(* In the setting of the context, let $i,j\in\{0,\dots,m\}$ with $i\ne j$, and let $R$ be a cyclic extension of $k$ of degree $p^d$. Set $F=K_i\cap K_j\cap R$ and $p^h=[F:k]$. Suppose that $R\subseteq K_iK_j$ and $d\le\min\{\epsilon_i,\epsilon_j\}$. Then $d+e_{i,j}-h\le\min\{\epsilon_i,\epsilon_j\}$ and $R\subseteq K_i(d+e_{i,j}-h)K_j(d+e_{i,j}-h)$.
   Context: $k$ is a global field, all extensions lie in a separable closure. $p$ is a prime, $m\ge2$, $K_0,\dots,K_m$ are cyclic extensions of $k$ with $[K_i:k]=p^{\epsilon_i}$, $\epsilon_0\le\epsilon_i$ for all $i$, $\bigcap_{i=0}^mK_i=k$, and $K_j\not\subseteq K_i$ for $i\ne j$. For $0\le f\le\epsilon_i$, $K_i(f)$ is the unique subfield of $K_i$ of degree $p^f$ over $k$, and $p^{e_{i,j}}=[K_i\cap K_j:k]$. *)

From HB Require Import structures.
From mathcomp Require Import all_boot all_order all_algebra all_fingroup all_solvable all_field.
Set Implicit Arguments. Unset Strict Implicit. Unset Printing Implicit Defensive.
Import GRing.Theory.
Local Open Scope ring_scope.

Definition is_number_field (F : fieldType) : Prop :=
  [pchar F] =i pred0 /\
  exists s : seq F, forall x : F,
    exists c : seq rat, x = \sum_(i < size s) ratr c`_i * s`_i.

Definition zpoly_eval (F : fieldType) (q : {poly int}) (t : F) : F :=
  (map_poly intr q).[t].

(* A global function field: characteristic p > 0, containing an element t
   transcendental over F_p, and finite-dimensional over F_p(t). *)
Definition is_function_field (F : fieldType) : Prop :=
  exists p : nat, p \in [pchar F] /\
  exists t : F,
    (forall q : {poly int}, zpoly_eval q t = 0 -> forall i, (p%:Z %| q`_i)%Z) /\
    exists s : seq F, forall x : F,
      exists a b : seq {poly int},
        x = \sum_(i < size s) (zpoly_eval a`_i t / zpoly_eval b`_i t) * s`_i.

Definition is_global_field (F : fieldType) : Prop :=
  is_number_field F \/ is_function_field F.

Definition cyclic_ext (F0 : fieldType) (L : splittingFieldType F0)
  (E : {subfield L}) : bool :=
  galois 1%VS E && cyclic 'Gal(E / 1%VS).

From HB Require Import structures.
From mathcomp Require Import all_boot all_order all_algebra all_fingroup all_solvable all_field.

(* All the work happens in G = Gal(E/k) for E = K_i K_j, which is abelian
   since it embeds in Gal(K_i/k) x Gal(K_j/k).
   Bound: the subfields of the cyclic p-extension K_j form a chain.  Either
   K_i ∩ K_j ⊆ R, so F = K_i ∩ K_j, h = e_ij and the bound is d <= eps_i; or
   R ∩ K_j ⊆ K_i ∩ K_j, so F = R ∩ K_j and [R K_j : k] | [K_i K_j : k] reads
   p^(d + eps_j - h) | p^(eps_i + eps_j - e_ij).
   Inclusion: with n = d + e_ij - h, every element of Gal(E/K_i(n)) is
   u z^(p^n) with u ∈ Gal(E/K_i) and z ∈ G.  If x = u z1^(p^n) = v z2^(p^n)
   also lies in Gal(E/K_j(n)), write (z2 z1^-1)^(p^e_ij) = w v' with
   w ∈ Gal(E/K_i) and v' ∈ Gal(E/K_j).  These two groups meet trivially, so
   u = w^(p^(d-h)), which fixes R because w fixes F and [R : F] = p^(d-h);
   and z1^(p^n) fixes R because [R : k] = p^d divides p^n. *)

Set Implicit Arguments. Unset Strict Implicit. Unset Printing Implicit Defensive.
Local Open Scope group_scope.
^^^^^^^^
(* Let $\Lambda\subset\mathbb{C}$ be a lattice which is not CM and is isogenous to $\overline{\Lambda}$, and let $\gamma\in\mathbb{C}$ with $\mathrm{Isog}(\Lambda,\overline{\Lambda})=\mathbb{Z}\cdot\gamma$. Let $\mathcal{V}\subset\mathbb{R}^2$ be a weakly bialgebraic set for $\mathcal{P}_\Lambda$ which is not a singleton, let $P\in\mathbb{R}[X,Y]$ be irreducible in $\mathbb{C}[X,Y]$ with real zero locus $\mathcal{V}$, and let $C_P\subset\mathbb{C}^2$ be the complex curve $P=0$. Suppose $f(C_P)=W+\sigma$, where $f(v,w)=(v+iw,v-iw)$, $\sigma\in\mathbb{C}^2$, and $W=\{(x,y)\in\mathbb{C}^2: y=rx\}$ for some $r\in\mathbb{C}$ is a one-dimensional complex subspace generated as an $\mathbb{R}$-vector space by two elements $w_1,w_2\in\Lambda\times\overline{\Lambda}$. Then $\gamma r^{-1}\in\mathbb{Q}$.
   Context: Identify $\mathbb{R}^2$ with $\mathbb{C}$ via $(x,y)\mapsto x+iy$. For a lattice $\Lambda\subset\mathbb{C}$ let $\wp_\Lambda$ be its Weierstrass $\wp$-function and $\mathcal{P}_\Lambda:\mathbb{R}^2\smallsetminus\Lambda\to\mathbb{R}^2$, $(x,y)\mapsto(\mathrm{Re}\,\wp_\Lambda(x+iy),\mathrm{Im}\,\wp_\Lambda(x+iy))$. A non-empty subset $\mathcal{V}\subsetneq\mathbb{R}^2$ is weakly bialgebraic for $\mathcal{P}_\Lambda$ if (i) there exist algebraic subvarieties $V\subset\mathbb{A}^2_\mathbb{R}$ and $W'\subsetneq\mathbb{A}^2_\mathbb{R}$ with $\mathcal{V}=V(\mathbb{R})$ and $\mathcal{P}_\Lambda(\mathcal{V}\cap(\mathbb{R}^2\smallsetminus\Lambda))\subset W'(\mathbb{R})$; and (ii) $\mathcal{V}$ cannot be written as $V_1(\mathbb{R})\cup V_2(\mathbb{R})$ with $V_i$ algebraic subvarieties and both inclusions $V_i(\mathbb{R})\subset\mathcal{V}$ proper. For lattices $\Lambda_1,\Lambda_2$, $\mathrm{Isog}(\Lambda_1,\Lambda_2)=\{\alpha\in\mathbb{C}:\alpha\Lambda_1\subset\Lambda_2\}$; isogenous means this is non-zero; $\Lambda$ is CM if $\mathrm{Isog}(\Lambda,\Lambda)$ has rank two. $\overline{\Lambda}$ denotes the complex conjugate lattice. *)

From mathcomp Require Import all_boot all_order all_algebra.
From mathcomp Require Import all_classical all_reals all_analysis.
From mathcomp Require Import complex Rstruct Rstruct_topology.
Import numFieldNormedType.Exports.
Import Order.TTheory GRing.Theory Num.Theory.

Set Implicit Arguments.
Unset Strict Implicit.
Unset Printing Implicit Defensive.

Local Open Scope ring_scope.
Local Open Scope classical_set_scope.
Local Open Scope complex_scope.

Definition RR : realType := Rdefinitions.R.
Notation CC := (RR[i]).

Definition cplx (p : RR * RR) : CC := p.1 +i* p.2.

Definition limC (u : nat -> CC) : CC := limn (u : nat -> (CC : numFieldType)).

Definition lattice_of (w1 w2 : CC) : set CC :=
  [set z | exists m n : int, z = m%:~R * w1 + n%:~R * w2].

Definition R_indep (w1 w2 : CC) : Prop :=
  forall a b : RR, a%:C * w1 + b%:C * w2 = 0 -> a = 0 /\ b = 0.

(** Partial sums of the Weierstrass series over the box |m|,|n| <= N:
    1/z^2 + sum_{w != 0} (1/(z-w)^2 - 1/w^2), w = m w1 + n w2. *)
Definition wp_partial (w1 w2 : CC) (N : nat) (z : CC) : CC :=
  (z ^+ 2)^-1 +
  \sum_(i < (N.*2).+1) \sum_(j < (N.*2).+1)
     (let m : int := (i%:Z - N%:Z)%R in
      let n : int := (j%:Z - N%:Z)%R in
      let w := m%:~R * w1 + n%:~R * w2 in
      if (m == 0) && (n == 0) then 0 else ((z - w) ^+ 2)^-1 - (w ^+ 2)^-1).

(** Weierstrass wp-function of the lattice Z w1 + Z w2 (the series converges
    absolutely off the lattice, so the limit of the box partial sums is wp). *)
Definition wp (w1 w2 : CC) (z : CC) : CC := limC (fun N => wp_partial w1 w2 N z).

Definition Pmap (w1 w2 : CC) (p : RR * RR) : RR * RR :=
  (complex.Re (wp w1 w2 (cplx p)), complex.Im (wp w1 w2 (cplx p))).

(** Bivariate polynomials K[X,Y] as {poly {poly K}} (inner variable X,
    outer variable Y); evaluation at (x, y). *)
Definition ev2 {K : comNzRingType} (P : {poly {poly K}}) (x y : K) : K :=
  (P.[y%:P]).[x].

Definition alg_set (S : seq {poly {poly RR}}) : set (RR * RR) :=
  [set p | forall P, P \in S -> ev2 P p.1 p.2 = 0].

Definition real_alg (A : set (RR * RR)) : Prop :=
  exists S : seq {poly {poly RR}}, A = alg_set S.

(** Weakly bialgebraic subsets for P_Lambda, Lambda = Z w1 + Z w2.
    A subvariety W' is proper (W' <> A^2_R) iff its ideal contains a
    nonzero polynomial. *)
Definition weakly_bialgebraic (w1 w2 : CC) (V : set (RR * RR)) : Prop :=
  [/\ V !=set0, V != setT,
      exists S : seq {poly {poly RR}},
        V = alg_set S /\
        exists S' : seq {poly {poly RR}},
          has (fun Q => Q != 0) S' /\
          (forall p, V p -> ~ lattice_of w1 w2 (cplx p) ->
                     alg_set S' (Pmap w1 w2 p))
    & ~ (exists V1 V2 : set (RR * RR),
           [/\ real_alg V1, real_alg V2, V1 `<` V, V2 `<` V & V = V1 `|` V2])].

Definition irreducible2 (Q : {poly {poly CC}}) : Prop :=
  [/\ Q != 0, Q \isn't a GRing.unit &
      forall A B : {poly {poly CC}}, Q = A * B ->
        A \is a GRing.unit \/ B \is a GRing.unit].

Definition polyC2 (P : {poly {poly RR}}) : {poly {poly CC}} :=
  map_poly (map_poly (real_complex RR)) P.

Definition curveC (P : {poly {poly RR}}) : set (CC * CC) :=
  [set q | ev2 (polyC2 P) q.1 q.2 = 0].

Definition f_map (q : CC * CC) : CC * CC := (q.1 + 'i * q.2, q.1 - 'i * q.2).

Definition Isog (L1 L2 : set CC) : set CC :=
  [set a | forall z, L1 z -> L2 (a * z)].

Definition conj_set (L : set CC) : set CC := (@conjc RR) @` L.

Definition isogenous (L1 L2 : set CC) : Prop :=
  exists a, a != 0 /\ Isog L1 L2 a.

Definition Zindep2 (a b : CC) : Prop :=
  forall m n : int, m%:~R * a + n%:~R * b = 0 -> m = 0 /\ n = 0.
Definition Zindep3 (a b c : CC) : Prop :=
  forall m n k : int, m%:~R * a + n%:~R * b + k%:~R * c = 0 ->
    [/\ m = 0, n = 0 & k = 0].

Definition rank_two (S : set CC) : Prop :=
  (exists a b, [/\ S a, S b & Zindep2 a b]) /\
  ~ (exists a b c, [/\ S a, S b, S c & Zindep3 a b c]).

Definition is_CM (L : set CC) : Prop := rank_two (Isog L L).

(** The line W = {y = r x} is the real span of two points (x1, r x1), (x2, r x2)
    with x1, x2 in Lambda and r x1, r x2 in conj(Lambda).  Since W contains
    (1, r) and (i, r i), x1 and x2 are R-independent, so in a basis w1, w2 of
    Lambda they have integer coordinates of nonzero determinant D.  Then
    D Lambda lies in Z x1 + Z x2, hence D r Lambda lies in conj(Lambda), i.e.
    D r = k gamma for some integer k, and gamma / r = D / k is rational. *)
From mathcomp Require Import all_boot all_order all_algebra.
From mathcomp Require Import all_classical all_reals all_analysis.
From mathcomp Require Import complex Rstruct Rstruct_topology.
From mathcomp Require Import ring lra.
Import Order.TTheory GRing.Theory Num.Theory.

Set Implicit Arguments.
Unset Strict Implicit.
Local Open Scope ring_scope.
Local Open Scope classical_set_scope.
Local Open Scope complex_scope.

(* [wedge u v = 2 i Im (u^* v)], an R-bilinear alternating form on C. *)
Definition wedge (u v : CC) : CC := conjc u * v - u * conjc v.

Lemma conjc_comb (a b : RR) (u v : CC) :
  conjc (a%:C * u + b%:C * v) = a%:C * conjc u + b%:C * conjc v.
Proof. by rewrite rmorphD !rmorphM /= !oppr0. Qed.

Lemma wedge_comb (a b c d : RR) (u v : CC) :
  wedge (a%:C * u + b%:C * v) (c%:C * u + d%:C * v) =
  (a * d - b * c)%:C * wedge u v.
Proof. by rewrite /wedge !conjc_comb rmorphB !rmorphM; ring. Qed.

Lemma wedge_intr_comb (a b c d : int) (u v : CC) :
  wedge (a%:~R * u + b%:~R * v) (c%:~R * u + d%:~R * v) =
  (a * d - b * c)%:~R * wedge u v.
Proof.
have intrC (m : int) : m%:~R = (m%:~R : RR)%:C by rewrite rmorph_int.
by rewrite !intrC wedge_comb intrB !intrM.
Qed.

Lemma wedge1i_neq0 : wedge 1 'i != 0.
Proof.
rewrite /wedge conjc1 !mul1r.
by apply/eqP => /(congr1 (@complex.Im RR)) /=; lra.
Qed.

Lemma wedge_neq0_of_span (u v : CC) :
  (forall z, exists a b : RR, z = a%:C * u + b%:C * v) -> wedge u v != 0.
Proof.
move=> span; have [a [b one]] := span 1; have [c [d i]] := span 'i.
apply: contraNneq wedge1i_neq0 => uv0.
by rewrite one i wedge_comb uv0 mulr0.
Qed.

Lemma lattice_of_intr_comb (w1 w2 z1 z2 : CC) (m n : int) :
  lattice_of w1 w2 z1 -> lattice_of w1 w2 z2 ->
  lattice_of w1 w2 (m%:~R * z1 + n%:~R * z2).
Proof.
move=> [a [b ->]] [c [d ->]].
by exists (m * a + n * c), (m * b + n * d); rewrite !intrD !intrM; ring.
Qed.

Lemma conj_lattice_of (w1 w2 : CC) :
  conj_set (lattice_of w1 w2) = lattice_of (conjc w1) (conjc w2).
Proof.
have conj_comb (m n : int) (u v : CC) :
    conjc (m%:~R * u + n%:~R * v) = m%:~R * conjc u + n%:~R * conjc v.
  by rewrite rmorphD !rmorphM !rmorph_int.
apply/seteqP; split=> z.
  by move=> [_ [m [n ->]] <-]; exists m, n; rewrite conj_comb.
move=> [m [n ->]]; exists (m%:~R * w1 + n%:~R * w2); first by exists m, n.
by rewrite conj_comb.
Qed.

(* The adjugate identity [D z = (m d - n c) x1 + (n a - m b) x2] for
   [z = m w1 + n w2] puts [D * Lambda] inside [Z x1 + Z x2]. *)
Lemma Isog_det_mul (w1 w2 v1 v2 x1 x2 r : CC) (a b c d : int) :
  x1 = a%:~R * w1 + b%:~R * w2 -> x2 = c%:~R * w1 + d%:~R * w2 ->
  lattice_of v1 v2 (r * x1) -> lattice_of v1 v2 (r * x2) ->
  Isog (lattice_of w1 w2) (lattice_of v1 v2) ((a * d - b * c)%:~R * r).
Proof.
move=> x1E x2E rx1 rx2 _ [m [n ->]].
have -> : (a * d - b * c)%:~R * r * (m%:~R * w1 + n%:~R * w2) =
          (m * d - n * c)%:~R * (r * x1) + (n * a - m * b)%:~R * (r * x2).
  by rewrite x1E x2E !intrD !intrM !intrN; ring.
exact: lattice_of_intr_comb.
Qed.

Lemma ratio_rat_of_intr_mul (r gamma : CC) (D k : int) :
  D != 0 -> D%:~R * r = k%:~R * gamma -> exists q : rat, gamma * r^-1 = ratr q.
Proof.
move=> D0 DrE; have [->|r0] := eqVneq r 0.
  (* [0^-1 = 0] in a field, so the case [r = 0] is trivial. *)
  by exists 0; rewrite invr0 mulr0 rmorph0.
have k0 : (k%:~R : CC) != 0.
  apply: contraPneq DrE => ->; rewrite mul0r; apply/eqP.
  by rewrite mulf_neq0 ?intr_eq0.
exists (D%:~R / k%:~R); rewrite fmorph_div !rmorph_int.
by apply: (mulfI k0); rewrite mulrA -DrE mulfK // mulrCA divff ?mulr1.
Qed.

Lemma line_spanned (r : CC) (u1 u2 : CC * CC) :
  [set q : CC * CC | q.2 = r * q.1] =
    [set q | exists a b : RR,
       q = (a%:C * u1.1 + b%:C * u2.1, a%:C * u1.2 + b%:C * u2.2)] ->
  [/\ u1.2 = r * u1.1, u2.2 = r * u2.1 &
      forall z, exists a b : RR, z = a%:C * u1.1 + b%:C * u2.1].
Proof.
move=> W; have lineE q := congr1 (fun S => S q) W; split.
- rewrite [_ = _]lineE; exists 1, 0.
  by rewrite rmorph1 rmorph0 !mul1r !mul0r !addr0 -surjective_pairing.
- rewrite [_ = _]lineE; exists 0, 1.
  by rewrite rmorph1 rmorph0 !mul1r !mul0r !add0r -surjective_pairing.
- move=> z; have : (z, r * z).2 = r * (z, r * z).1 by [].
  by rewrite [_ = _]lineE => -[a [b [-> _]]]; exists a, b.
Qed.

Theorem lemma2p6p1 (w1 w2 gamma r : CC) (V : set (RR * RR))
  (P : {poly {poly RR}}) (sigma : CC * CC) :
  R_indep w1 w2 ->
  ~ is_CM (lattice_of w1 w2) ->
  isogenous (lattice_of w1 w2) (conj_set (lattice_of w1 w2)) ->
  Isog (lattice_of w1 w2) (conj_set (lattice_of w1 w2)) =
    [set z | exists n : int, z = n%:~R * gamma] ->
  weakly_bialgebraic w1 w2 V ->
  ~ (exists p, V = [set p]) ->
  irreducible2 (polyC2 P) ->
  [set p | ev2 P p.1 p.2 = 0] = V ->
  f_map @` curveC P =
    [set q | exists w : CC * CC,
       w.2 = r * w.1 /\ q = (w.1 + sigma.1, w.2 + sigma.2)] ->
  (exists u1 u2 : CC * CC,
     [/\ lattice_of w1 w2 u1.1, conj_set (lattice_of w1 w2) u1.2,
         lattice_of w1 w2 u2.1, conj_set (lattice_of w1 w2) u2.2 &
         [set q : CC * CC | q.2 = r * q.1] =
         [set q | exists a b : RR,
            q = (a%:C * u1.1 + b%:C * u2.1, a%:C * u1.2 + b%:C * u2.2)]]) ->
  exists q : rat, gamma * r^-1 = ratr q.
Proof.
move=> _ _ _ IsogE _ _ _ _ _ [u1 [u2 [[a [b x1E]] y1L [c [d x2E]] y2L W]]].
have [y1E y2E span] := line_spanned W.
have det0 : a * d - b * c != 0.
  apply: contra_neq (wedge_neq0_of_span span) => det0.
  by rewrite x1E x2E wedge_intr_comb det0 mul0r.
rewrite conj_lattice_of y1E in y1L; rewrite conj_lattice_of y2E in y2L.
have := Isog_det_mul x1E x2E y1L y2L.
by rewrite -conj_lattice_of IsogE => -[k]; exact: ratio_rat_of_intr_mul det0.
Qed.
^^^^^^^^
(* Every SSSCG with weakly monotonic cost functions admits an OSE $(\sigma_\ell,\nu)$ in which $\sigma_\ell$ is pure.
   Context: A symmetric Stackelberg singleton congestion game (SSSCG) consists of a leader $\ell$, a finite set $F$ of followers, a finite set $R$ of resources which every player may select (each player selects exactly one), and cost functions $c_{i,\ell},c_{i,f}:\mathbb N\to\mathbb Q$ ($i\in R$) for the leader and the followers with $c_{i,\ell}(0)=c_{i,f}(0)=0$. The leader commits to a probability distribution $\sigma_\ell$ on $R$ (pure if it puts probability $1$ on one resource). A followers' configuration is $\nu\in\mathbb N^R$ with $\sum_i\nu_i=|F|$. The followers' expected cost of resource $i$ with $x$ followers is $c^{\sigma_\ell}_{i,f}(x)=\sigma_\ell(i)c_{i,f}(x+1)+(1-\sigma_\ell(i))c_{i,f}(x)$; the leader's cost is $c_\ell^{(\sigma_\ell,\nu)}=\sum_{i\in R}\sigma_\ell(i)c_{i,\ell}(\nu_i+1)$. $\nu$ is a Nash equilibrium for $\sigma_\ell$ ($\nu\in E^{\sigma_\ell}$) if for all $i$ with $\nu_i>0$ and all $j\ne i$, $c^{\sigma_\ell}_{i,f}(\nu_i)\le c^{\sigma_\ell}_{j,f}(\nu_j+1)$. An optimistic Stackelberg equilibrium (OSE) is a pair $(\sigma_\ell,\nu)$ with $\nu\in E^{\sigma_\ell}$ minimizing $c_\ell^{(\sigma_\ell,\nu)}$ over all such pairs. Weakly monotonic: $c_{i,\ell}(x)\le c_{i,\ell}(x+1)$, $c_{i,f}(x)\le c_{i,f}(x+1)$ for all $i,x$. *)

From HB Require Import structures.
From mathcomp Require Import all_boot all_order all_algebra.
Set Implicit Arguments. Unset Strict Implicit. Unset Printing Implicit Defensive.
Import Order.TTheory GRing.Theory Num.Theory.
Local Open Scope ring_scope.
^^^^^^^^
## GOAL OF THE EXERCISE
List all lines from the entries that include the word "dimensional".

## RESPONSE
   transcendental over F_p, and finite-dimensional over F_p(t). *)
(* Let $\Lambda\subset\mathbb{C}$ be a lattice which is not CM and is isogenous to $\overline{\Lambda}$, and let $\gamma\in\mathbb{C}$ with $\mathrm{Isog}(\Lambda,\overline{\Lambda})=\mathbb{Z}\cdot\gamma$. Let $\mathcal{V}\subset\mathbb{R}^2$ be a weakly bialgebraic set for $\mathcal{P}_\Lambda$ which is not a singleton, let $P\in\mathbb{R}[X,Y]$ be irreducible in $\mathbb{C}[X,Y]$ with real zero locus $\mathcal{V}$, and let $C_P\subset\mathbb{C}^2$ be the complex curve $P=0$. Suppose $f(C_P)=W+\sigma$, where $f(v,w)=(v+iw,v-iw)$, $\sigma\in\mathbb{C}^2$, and $W=\{(x,y)\in\mathbb{C}^2: y=rx\}$ for some $r\in\mathbb{C}$ is a one-dimensional complex subspace generated as an $\mathbb{R}$-vector space by two elements $w_1,w_2\in\Lambda\times\overline{\Lambda}$. Then $\gamma r^{-1}\in\mathbb{Q}$.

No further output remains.